OregonLive continues to put out excellent articles on the sad state of affairs in Oregon. The question of the day is Can Oregon downsize state government?
Despite years of talk by Democrats and Republicans about the need to control spending, farm out work to private businesses and make government finances more transparent, the opposite has occurred.
Rather than becoming leaner, the state work force increased by 7.1 percent since 2005 — outpacing Oregon’s population growth.
The number of top state employees earning more than $100,000 a year more than doubled during the past decade. Lawmakers took no action on an urgent call by the governor to start paring government by eliminating dozens of boards.
This Thursday, Oregon leaders will get an update of the state’s revenue outlook. State economists have already alerted Gov. Ted Kulongoski that the news isn’t good, with projected revenues down by as much as $1 billion since the Legislature finished writing the 2009-11 budget in June 2009. The shortfall for 2011-13 is expected to be at least $2.7 billion.
In June 2009, with Oregon’s unemployment rate among the nation’s highest and the depth of the recession becoming alarmingly clear, the governor put his worries in a letter to Senate President Peter Courtney and House Speaker Dave Hunt, both Democrats: “We must accept that state government can no longer be all things to all people.”

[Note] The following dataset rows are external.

(* Let $S\in\mathbb{R}^{q\times q}$ be unknown, have no eigenvalues with negative real part, and have all entries bounded by $|S_{ij}|\le\epsilon$ for a known $\epsilon>0$. Let $\mathcal{G}$ be a directed weighted graph on nodes $\mathbf{v}_0$ (leader), $\mathbf{v}_1,\dots,\mathbf{v}_N$ (followers) with nonnegative weights $a_{ij}$, containing a directed spanning tree rooted at $\mathbf{v}_0$, whose Laplacian $\mathcal{L}$ has every nonzero entry satisfying $\varepsilon_1\le|\mathcal{L}_{ij}|\le\varepsilon_2$ for constants $0<\varepsilon_1\le\varepsilon_2$. Let $H\in\mathbb{R}^{N\times N}$ be given by $H_{ii}=\sum_{j=0,\,j\neq i}^{N}a_{ij}$ and $H_{ij}=-a_{ij}$ ($i\neq j$, $i,j\ge1$). If $\mu>\dfrac{q\epsilon N(2\varepsilon_2)^{N-1}}{\varepsilon_1^{N}}$, then $(I_N\otimes S)-\mu(H\otimes I_q)$ is Hurwitz.
   Context: The Laplacian is $\mathcal{L}=\mathcal{D}-\mathcal{A}$ with $\mathcal{A}=(a_{ij})$ ($a_{ij}>0$ iff $\mathbf{v}_i$ receives information from $\mathbf{v}_j$; the leader receives none) and $\mathcal{D}$ the diagonal in-degree matrix; $H$ is its follower block. Hurwitz means all eigenvalues have negative real part. *)

From HB Require Import structures.
From mathcomp Require Import all_boot all_order all_algebra.
From mathcomp Require Export complex mxtens.
Set Implicit Arguments. Unset Strict Implicit. Unset Printing Implicit Defensive.
Import Order.TTheory GRing.Theory Num.Theory.
Local Open Scope ring_scope.

Definition ceigenvalue (R : rcfType) (n : nat) (A : 'M[R]_n) (z : R[i]) : bool :=
  eigenvalue (map_mx (real_complex R) A) z.

Definition hurwitz (R : rcfType) (n : nat) (A : 'M[R]_n) : Prop :=
  forall z : R[i], ceigenvalue A z -> complex.Re z < 0.

Definition no_neg_re_eig (R : rcfType) (n : nat) (A : 'M[R]_n) : Prop :=
  forall z : R[i], ceigenvalue A z -> 0 <= complex.Re z.

(* Graph on nodes 0 (leader), 1..N (followers), adjacency a : 'M_(N.+1),
   a i j > 0 iff v_i receives information from v_j (edge j -> i). *)
Definition in_degree (R : rcfType) (N : nat) (a : 'M[R]_N.+1) : 'M[R]_N.+1 :=
  diag_mx (\row_i \sum_(j < N.+1 | j != i) a i j).

Definition laplacian (R : rcfType) (N : nat) (a : 'M[R]_N.+1) : 'M[R]_N.+1 :=
  in_degree a - a.

Definition follower_block (R : rcfType) (N : nat) (a : 'M[R]_N.+1) : 'M[R]_N :=
  \matrix_(i < N, j < N) laplacian a (lift ord0 i) (lift ord0 j).

Definition has_spanning_tree_from_leader (R : rcfType) (N : nat) (a : 'M[R]_N.+1) : Prop :=
  forall i : 'I_N.+1, connect (fun j i : 'I_N.+1 => 0 < a i j) ord0 i.

(* An eigenvector of (I ⊗ S) - mu (H ⊗ I), reshaped into an N x q matrix V, satisfies
   V S = (z + mu H^T) V, so S and z + mu H^T share an eigenvalue: every eigenvalue is
   z = s - mu l with s an eigenvalue of S and l one of H.  Row sums give Re s <= q eps.
   For H, let d(k) be the length of a shortest path from the leader to k and
   x_k = 1 - y^d(k) with y = eps1 / (eps1 + eps2).  Each follower has an in-neighbour
   of smaller depth with weight >= eps1 and total in-weight <= eps2, whence
   H x >= eps2 y^N componentwise while 0 < x <= 1 - y^N.  As H has nonpositive
   off-diagonal entries, looking at the largest ratio |w_i| / x_i of an eigenvector w
   gives Re l >= eps2 y^N / (1 - y^N), which is at least eps1^N / (N (2 eps2)^(N-1))
   because (eps1 + eps2)^N - eps1^N <= N eps2 (2 eps2)^(N-1). *)

From HB Require Import structures.
From mathcomp Require Import all_boot all_order all_algebra.
From mathcomp Require Import complex mxtens.
From mathcomp Require Import ring lra.
Set Implicit Arguments.
Unset Strict Implicit.
Unset Printing Implicit Defensive.

Import Order.TTheory GRing.Theory Num.Theory.
Local Open Scope ring_scope.

Lemma eigenvalue_trmx (F : fieldType) n (A : 'M[F]_n) a :
  eigenvalue A^T a = eigenvalue A a.
Proof.
rewrite !eigenvalue_root_char /char_poly /char_poly_mx -det_tr.
by rewrite raddfB /= tr_scalar_mx -map_trmx trmxK.
Qed.

Lemma eigenvalue_dim0 (F : fieldType) n (A : 'M[F]_n) a : n = 0%N -> ~~ eigenvalue A a.
Proof.
move=> n0; apply/negP => /eigenvalueP [v _ /eqP]; apply; apply/rowP => j.
by have := ltn_ord j; rewrite {2}n0.
Qed.

Lemma eigenvalue_affine (F : fieldType) n (A : 'M[F]_n) a c t : c != 0 ->
  eigenvalue (a%:M + c *: A) t = eigenvalue A ((t - a) / c).
Proof.
move=> c0; apply/eigenvalueP/eigenvalueP => -[v hv v0]; exists v => //.
  have cvA : c *: (v *m A) = (t - a) *: v.
    by rewrite scalerBl -hv mulmxDr mul_mx_scalar -scalemxAr addrC addKr.
  by rewrite -(scalerK c0 (v *m A)) cvA scalerA mulrC.
rewrite mulmxDr mul_mx_scalar -scalemxAr hv scalerA mulrCA divff // mulr1.
by rewrite -scalerDl addrC subrK.
Qed.

Lemma horner_mx_intertwine (F : comNzRingType) m n
    (S : 'M[F]_m.+1) (T : 'M[F]_n.+1) (V : 'M[F]_(n.+1, m.+1)) :
  V *m S = T *m V -> forall p, V *m horner_mx S p = horner_mx T p *m V.
Proof.
move=> VS_TV; elim/poly_ind => [|p c IH]; first by rewrite !rmorph0 mulmx0 mul0mx.
rewrite !rmorphD !rmorphM /= !horner_mx_X !horner_mx_C -!mulmxE.
rewrite mulmxDr mulmxDl mulmxA IH -[_ *m V *m S]mulmxA VS_TV mulmxA.
by rewrite mul_mx_scalar mul_scalar_mx.
Qed.

Lemma intertwining_common_eigenvalue (F : closedFieldType) m n
    (S : 'M[F]_m.+1) (T : 'M[F]_n.+1) (V : 'M[F]_(n.+1, m.+1)) :
  V != 0 -> V *m S = T *m V -> exists2 s, eigenvalue S s & eigenvalue T s.
Proof.
move=> V0 VS_TV; have [rs def_chS] := closed_field_poly_normal (char_poly S).
rewrite (monicP (char_poly_monic S)) scale1r in def_chS.
have [/hasP[r r_rs Tr] | /hasPn noT] := boolP (has (eigenvalue T) rs).
  by exists r => //; rewrite eigenvalue_root_char def_chS root_prod_XsubC.
have unitT : horner_mx T (char_poly S) \in unitmx.
  rewrite def_chS rmorph_prod big_seq.
  apply: (big_ind (fun M : 'M_n.+1 => M \in unitmx)) => [|M1 M2|r r_rs].
  - exact: unitmx1.
  - by rewrite unitmx_mul => -> ->.
  rewrite rmorphB /= horner_mx_X horner_mx_C -row_free_unit -kermx_eq0.
  by have := noT r r_rs; rewrite /eigenvalue /eigenspace negbK.
case/eqP: V0; rewrite -(mulKmx unitT V) -(horner_mx_intertwine VS_TV).
by rewrite Cayley_Hamilton !mulmx0.
Qed.

Section MxtensUnvec.
Variable R : comPzRingType.

Definition mxtens_unvec m p : 'rV[R]_(m * p) -> 'M[R]_(m, p) :=
  swizzle_mx (fun _ _ => 0) (fun i j => mxtens_index (i, j)) matrix_key.

HB.instance Definition _ m p :=
  GRing.Linear.copy (@mxtens_unvec m p) (swizzle_mx _ _ _).

Lemma mxtens_unvec_eq0 m p (v : 'rV[R]_(m * p)) :
  (mxtens_unvec v == 0) = (v == 0).
Proof.
apply/eqP/eqP => [/matrixP v0 | ->]; last exact: linear0.
apply/rowP => k; case: (mxtens_indexP k) => i j.
by have := v0 i j; rewrite !mxE.
Qed.

Lemma mxtens_unvec_mul m n p r (v : 'rV[R]_(m * p))
    (X : 'M[R]_(m, n)) (Y : 'M[R]_(p, r)) :
  mxtens_unvec (v *m (X *t Y)) = X^T *m mxtens_unvec v *m Y.
Proof.
apply/matrixP => k l; rewrite !mxE (reindex (@mxtens_index m p)) /=; last first.
  by exists (@mxtens_unindex m p) => x _; [apply: mxtens_indexK | apply: mxtens_unindexK].
under [RHS]eq_bigr do rewrite mxE mulr_suml.
rewrite exchange_big pair_big /=; apply: eq_bigr => -[i j] _ /=.
by rewrite tensmxE !mxE mulrA [_ * X i k]mulrC.
Qed.
End MxtensUnvec.

Lemma eigenvalue_kronecker_sum (F : closedFieldType) m n
    (A : 'M[F]_m) (B : 'M[F]_n) c z :
  c != 0 -> eigenvalue (1%:M *t B - c *: (A *t 1%:M)) z ->
  exists2 s, eigenvalue B s & eigenvalue A ((s - z) / c).
Proof.
move=> c0; case: m A => [|m] A; first by rewrite (negbTE (eigenvalue_dim0 _ _ _)).
case: n B => [|n] B; first by rewrite (negbTE (eigenvalue_dim0 _ _ (muln0 _))).
case/eigenvalueP => v hv v0; set V := mxtens_unvec v.
have VB : V *m B = (z%:M + c *: A^T) *m V.
  move/(congr1 (@mxtens_unvec _ _ _)): hv.
  rewrite mulmxBr -scalemxAr !linearB !linearZ /= !mxtens_unvec_mul.
  rewrite trmx1 mul1mx mulmx1 scalerN -/V => /eqP; rewrite subr_eq => /eqP ->.
  by rewrite mulmxDl mul_scalar_mx scalemxAl.
have V0 : V != 0 by rewrite mxtens_unvec_eq0.
have [s Bs] := intertwining_common_eigenvalue V0 VB.
by exists s; rewrite // -eigenvalue_trmx -eigenvalue_affine.
Qed.

Section ComplexEigenvalueBounds.
Import ComplexField.Normc.
Local Open Scope complex_scope.
Variable R : rcfType.
Implicit Types x y : R[i].

Lemma normc_ge0 x : 0 <= normc x.
Proof. by case: x => a b /=; rewrite sqrtr_ge0. Qed.

Lemma normc_real (r : R) : normc r%:C = `|r|.
Proof. by rewrite /= expr0n /= addr0 sqrtr_sqr. Qed.

Lemma Re_le_normc x : `|complex.Re x| <= normc x.
Proof.
case: x => a b /=; rewrite -sqrtr_sqr ler_sqrt ?addr_ge0 ?sqr_ge0 //.
by rewrite lerDl sqr_ge0.
Qed.

Lemma normc_sum (I : Type) (r : seq I) (P : pred I) (F : I -> R[i]) :
  normc (\sum_(j <- r | P j) F j) <= \sum_(j <- r | P j) normc (F j).
Proof.
elim/big_rec2: _ => [|j y1 y2 _ IH]; first by rewrite normc0.
by apply: le_trans (le_normcD _ _) _; rewrite lerD2l.
Qed.

Lemma normc_ceigenvalue_le q (S : 'M[R]_q) (eps : R) s :
  (forall i j, `|S i j| <= eps) -> ceigenvalue S s -> normc s <= q%:R * eps.
Proof.
move=> S_le /eigenvalueP [u Su u0].
pose U := \sum_i normc (u 0 i).
have U_gt0 : 0 < U.
  rewrite lt_def sumr_ge0 ?andbT => [|i _]; last exact: normc_ge0.
  apply: contra u0 => /eqP /psumr_eq0P u_eq0; apply/eqP/rowP => j.
  by rewrite mxE; apply: eq0_normc; apply: u_eq0 => // i _; apply: normc_ge0.
have su_le j : normc s * normc (u 0 j) <= eps * U.
  move/rowP/(_ j): Su; rewrite !mxE -normcM => <-.
  apply: le_trans (normc_sum _ _ _) _; rewrite /U mulr_sumr; apply: ler_sum => i _.
  by rewrite normcM mxE normc_real mulrC ler_wpM2r ?normc_ge0.
rewrite -(ler_pM2r U_gt0) {1}/U mulr_sumr.
apply: le_trans (ler_sum _ (fun j _ => su_le j)) _.
by rewrite sumr_const card_ord -mulrA mulr_natl.
Qed.

Lemma Re_ceigenvalue_le q (S : 'M[R]_q) (eps : R) s :
  (forall i j, `|S i j| <= eps) -> ceigenvalue S s -> complex.Re s <= q%:R * eps.
Proof.
move=> S_le Ss; apply: le_trans (ler_norm _) _.
exact: le_trans (Re_le_normc s) (normc_ceigenvalue_le S_le Ss).
Qed.

Lemma Re_eigenvector_ge_Zmatrix n (H : 'M[R]_n.+1) (x : 'I_n.+1 -> R) (c X : R) l
    (w : 'cV[R[i]]_n.+1) :
    (forall i j, i != j -> H i j <= 0) -> (forall i, 0 < x i) ->
    (forall i, x i <= X) -> (forall i, c <= \sum_j H i j * x j) -> 0 < c ->
  map_mx (real_complex R) H *m w = l *: w -> w != 0 -> c / X <= complex.Re l.
Proof.
move=> H_offdiag x_gt0 x_le Hx_ge c_gt0 Hw w0.
pose f j := normc (w j 0) / x j.
have [i _ f_max] := @arg_maxP _ _ _ ord0 xpredT f isT; set rho := f i in f_max.
have w_le j : normc (w j 0) <= rho * x j.
  by move: (f_max j isT) => /=; rewrite /f ler_pdivrMr // mulrC.
have rho_gt0 : 0 < rho.
  rewrite lt_def divr_ge0 ?normc_ge0 ?ltW // andbT.
  apply: contra w0 => /eqP rho0; apply/eqP/colP => j.
  rewrite [RHS]mxE; apply: eq0_normc; apply: le_anti; rewrite normc_ge0 andbT.
  by have := w_le j; rewrite rho0 mul0r.
have wi : normc (w i 0) = rho * x i by rewrite /rho /f divfK // gt_eqF.
have row_i : (l - (H i i)%:C) * w i 0 = \sum_(j | j != i) (H i j)%:C * w j 0.
  move/colP/(_ i): Hw; rewrite !mxE (bigD1 i) //= !mxE => Hwi.
  by rewrite mulrBl -Hwi addrAC subrr add0r; apply: eq_bigr => j _; rewrite mxE.
have shift_le : normc (l - (H i i)%:C) * x i <= H i i * x i - c.
  rewrite -(ler_pM2l rho_gt0) mulrCA -wi -normcM row_i.
  apply: le_trans (normc_sum _ _ _) _.
  apply: (@le_trans _ _ (\sum_(j | j != i) rho * (- H i j * x j))).
    apply: ler_sum => j ji; rewrite normcM normc_real ler0_norm; last first.
      by rewrite H_offdiag // eq_sym.
    by rewrite mulrCA ler_wpM2l // oppr_ge0 H_offdiag // eq_sym.
  rewrite -mulr_sumr; apply: ler_wpM2l; first exact: ltW.
  under eq_bigr do rewrite mulNr.
  by have := Hx_ge i; rewrite (bigD1 i) //= sumrN; lra.
have Re_l : complex.Re l = H i i + complex.Re (l - (H i i)%:C).
  by case: (l) => a b /=; rewrite addrC subrK.
have := Re_le_normc (l - (H i i)%:C); rewrite ler_norml => /andP[Re_ge _].
have xi_gt0 := x_gt0 i; have xi_le := x_le i.
have c_le : c <= complex.Re l * x i by nra.
have Re_gt0 : 0 < complex.Re l by nra.
rewrite ler_pdivrMr; last exact: lt_le_trans xi_le.
nra.
Qed.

Attached to that letter was a list of 64 state boards, commissions and agencies Kulongoski wanted lawmakers to consider consolidating, suspending or eliminating.
That letter caused an uproar among people who sit on those boards or do business with them. They called the governor, wrote their legislators, put their lobbyists to work.

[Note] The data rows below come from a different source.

(* Let $V$ be a real vector space of dimension $m=p+q\ge3$ with a non-degenerate symmetric inner product of arbitrary signature $(p,q)$, and let $\nabla R$ be a covariant derivative algebraic curvature tensor on $V$. If the eigenvalues of $\mathcal{S}_{\nabla R}(\cdot)$ are constant on $S^+(V)$ and on $S^-(V)$, then $\mathcal{S}_{\nabla R}(x)$ is nilpotent for every complex null vector $x\in\mathcal{N}$.
   Context: A covariant derivative algebraic curvature tensor is $\nabla R\in\otimes^5V^*$ satisfying $\nabla R(a,b,c,d;e)=-\nabla R(b,a,c,d;e)=\nabla R(c,d,a,b;e)$, $\nabla R(a,b,c,d;e)+\nabla R(a,c,d,b;e)+\nabla R(a,d,b,c;e)=0$, and $\nabla R(a,b,c,d;e)+\nabla R(a,b,d,e;c)+\nabla R(a,b,e,c;d)=0$. The Szab\'o operator $\mathcal{S}_{\nabla R}(x)$ is the linear map of $V$ defined by $(\mathcal{S}_{\nabla R}(x)y,w)=\nabla R(y,x,x,w;x)$. $S^\pm(V)=\{v\in V:(v,v)=\pm1\}$ are the pseudo-spheres of unit spacelike and timelike vectors. Everything is extended complex-multilinearly to $V_{\mathbb{C}}=V\otimes\mathbb{C}$; $\mathcal{N}=\{v\in V_{\mathbb{C}}:(v,v)=0\}$. A linear map $A$ is nilpotent if $A^m=0$, equivalently $\operatorname{trace}(A^i)=0$ for $1\le i\le m$. *)

From mathcomp Require Import all_boot all_algebra reals complex.
Set Implicit Arguments. Unset Strict Implicit. Unset Printing Implicit Defensive.
Import GRing.Theory Num.Theory.
Local Open Scope ring_scope.

(* V = K^m as row vectors 'rV[K]_m ; an element of (x)^5 V^* is given by its
   components T a b c d e = T(e_a,e_b,e_c,e_d;e_e) in the standard basis. *)
Definition tensor5 (K : Type) (m : nat) := 'I_m -> 'I_m -> 'I_m -> 'I_m -> 'I_m -> K.

Definition tensor5_eval (K : comNzRingType) (m : nat) (T : tensor5 K m)
  (a b c d e : 'rV[K]_m) : K :=
  \sum_(i < m) \sum_(j < m) \sum_(k < m) \sum_(l < m) \sum_(n < m)
     T i j k l n * a 0 i * b 0 j * c 0 k * d 0 l * e 0 n.

Definition is_cov_deriv_act (K : comNzRingType) (m : nat) (T : tensor5 K m) : Prop :=
  (forall a b c d e, T a b c d e = - T b a c d e) /\
  (forall a b c d e, T a b c d e = T c d a b e) /\
  (forall a b c d e, T a b c d e + T a c d b e + T a d b c e = 0) /\
  (forall a b c d e, T a b c d e + T a b d e c + T a b e c d = 0).

Definition ip (K : comNzRingType) (m : nat) (G : 'M[K]_m) (u v : 'rV[K]_m) : K :=
  (u *m G *m v^T) 0 0.

Definition szabo_bil (K : comNzRingType) (m : nat) (T : tensor5 K m) (x : 'rV[K]_m)
  : 'M[K]_m :=
  \matrix_(a < m, b < m) tensor5_eval T (delta_mx 0 a) x x (delta_mx 0 b) x.

(* Szabo operator S(x) acting on row vectors (y |-> y *m S(x)), characterised by
   (S(x) y, w) = nablaR(y,x,x,w;x), i.e. S(x) *m G = szabo_bil T x. *)
Definition szabo (K : fieldType) (m : nat) (G : 'M[K]_m) (T : tensor5 K m)
  (x : 'rV[K]_m) : 'M[K]_m :=
  szabo_bil T x *m invmx G.
(* For GP-EI with BSPMI and any $t\in\mathbb{N}$, when $E^r(t)$ holds, $$r_t\le\big(c_\mu(t)+\phi(0)+2\beta_t^{1/2}\big)\sigma_{t-1}(\mathbf{x}_t)+c_\alpha\beta_t^{1/2}\sigma_{t-1}([\mathbf{x}^*]_t)+\frac{1}{t^2},$$ where $c_\mu(t)=\log^{1/2}\!\big(\frac{t-1+\sigma^2}{2\pi\phi^2(0)\sigma^2}\big)$ and $c_\alpha=1.328$.
   Context: Setting: $d\ge1$, $r>0$, $C\subseteq[0,r]^d$ compact; $k$ positive semidefinite kernel with $k(\mathbf{x},\mathbf{x}')\le1$, $k(\mathbf{x},\mathbf{x})=1$ on $C$. $f$ is a sample path of $GP(0,k)$, Lipschitz with constant $L\ge1/(rd)$ in $\ell_1$-norm; $\mathbf{x}^*\in\arg\min_Cf$. Observations $y_t=f(\mathbf{x}_t)+\epsilon_t$, $\epsilon_t$ i.i.d. $\mathcal{N}(0,\sigma^2)$, $\sigma>0$. Posterior $\mu_t(\mathbf{x})=\mathbf{k}_t(\mathbf{x})^T(\mathbf{K}_t+\sigma^2\mathbf{I})^{-1}\mathbf{y}_{1:t}$, $\sigma_t^2(\mathbf{x})=1-\mathbf{k}_t(\mathbf{x})^T(\mathbf{K}_t+\sigma^2\mathbf{I})^{-1}\mathbf{k}_t(\mathbf{x})$ ($\mathbf{K}_t=[k(\mathbf{x}_i,\mathbf{x}_j)]_{i,j\le t}$, $\mathbf{k}_t(\mathbf{x})=[k(\mathbf{x}_i,\mathbf{x})]_{i\le t}$). BSPMI incumbent $\xi_t^+=\mu_t^m=\min_{i\le t}\mu_t(\mathbf{x}_i)$. $EI_t(\mathbf{x})=(\xi_t^+-\mu_t(\mathbf{x}))\Phi(z_t(\mathbf{x}))+\sigma_t(\mathbf{x})\phi(z_t(\mathbf{x}))$, $z_t=(\xi_t^+-\mu_t)/\sigma_t$, $\phi,\Phi$ standard normal pdf/cdf; GP-EI picks $\mathbf{x}_t\in\arg\max_CEI_{t-1}$. $r_t=f(\mathbf{x}_t)-f(\mathbf{x}^* )$. Discretization: $\mathbb{C}_t\subseteq C$ finite, $|\mathbb{C}_t|=(Lrdt^2)^d$, $\|\mathbf{x}-[\mathbf{x}]_t\|_1\le1/(Lt^2)$ for all $\mathbf{x}\in C$, $[\mathbf{x}]_t$ a closest point of $\mathbb{C}_t$. With $\delta\in(0,1)$, $\pi_t=\pi^2t^2/6$, $\beta_t=2\log(8|\mathbb{C}_t|\pi_t/\delta)$. $E^r(t)$ is the event that $|f(\mathbf{x})-\mu_{t-1}(\mathbf{x})|\le\beta_t^{1/2}\sigma_{t-1}(\mathbf{x})$ holds for all $\mathbf{x}\in\mathbb{C}_t$, for $\mathbf{x}=\mathbf{x}_t$, and for $\mathbf{x}=\mathbf{x}_{t-1}$. *)

From HB Require Import structures.
From mathcomp Require Import all_boot all_order all_algebra.
From mathcomp Require Import all_classical all_reals all_analysis.
Set Implicit Arguments. Unset Strict Implicit. Unset Printing Implicit Defensive.
Import Order.TTheory GRing.Theory Num.Theory.
Import numFieldNormedType.Exports.
Local Open Scope classical_set_scope.
Local Open Scope ring_scope.

Section GPEI.
Context {R : realType} {d : nat}.

Notation pt := 'rV[R]_d.

Definition l1dist (x x' : pt) : R := \sum_(i < d) `|x 0 i - x' 0 i|.

Definition phi (z : R) : R := normal_pdf 0 1 z.
Definition Phi (z : R) : R := fine (normal_prob 0 1 `]-oo, z]).

Definition psd_kernel (k : pt -> pt -> R) : Prop :=
  (forall x x', k x x' = k x' x) /\
  (forall (n : nat) (X : 'I_n -> pt) (c : 'I_n -> R),
      0 <= \sum_(i < n) \sum_(j < n) c i * c j * k (X i) (X j)).

(* Data after n observations: points X 1, ..., X n, observations y 1, ..., y n *)
Definition kvec (k : pt -> pt -> R) (X : nat -> pt) (n : nat) (x : pt) : 'cV[R]_n :=
  \col_(i < n) k (X i.+1) x.
Definition Kmat (k : pt -> pt -> R) (X : nat -> pt) (n : nat) : 'M[R]_n :=
  \matrix_(i < n, j < n) k (X i.+1) (X j.+1).
Definition yvec (y : nat -> R) (n : nat) : 'cV[R]_n := \col_(i < n) y i.+1.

“When you create a new program, you create a new constituency along with it,” says Mike Greenfield, who served as director of the Department of Administrative Services and in other state government posts. “What you have are a lot of constituencies for the status quo and very few constituencies for dramatic change.”

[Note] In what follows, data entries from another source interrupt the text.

(* Send a primitive element [a] of [K] to a root [b] in [K'] of its minimal
   polynomial [g] over [F_p]; [b] exists because [g] divides ['X^q - 'X]. *)
Lemma pchar_finField_rmorph_exists : exists s : R -> R',
  [/\ {morph s : x y / x - y}, {morph s : x y / x * y} & s 1 = 1].
Proof.
pose i1 := in_alg R; pose i2 := in_alg R'.
have [a a_gen] := finField_unit_generator K.
pose P0 : {poly 'F_p} := 'X^#|K| - 'X.
have P0E (L : nzRingType) (iota : {rmorphism 'F_p -> L}) : map_poly iota P0 = 'X^#|K| - 'X.
  by rewrite rmorphB /= map_polyXn map_polyX.
have nz_P0 : P0 != 0.
  rewrite -size_poly_eq0 /P0 size_polyDl ?size_polyXn // size_polyN size_polyX.
  by rewrite ltnS finNzRing_gt1.
have P0a : root (map_poly i1 P0) a by rewrite /root P0E !hornerE expf_card subrr.
have [g [nz_g ga g_dvd]] := annihilator_poly_exists nz_P0 P0a.
have [b gb] : exists b : R', root (map_poly i2 g) b.
  have : map_poly i2 g %| \prod_(x : R') ('X - x%:P).
    by rewrite -finField_genPoly -cardKK' -(P0E _ i2) dvdp_map g_dvd.
  case/dvdp_prod_XsubC=> msk Dg.
  have := root_size_gt1 _ ga; rewrite map_poly_eq0 nz_g size_map_poly => /(_ isT).
  rewrite -(size_map_poly i2) (eqp_size Dg) size_prod_XsubC.
  case Emsk: (mask _ _) => [|b s] // _; exists b.
  by rewrite (eqp_root Dg) Emsk root_prod_XsubC mem_head.
have ev_transfer h1 h2 : ev i1 h1 a = ev i1 h2 a -> ev i2 h1 b = ev i2 h2 b.
  move=> e12; apply/eqP; rewrite -subr_eq0 -hornerN -hornerD -!rmorphB.
  apply: root_dvdp gb; rewrite dvdp_map g_dvd //.
  by rewrite /root rmorphB /= hornerD hornerN e12 subrr.
have ev_onto (x : R) : exists h, ev i1 h a == x.
  have [-> | /a_gen[i ->]] := eqVneq x 0; first by exists 0; rewrite rmorph0 horner0.
  by exists 'X^i; rewrite map_polyXn hornerXn.
pose P x := xchoose (ev_onto x).
have PE x : ev i1 (P x) a = x := eqP (xchooseP (ev_onto x)).
exists (fun x => ev i2 (P x) b); split.
- move=> x y; rewrite -hornerN -hornerD -rmorphB; apply: ev_transfer.
  by rewrite rmorphB /= hornerD hornerN !PE.
- move=> x y; rewrite -hornerM -rmorphM; apply: ev_transfer.
  by rewrite rmorphM /= hornerM !PE.
- have := ev_transfer (P 1) 1; rewrite PE !rmorph1 !hornerC; exact.
Qed.

End FinFieldEmbedding.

Oregonians support about 100 state agencies, boards and commissions. Many have overlapping purposes. For example, the legislative fiscal office puts four state departments under the heading “Economic and Community Development,” 13 agencies, boards and departments under “Natural Resources” and five under “Education” — not to mention Oregon’s 197 school districts.
During the 2009 legislative session, the Service Employees International Union lobbied for stiffer requirements for outsourcing state work. Over Republican objections, lawmakers approved, and Kulongoski signed, a bill that requires an extensive analysis on any contract job worth more than $250,000 to determine whether it could be done as cheaply in-house.
“I saw this as entrenching government jobs,” says Sen. Rick Metsger of Welches, the only Democrat to vote against the bill. “It makes it harder to wheel back the government agency’s size.”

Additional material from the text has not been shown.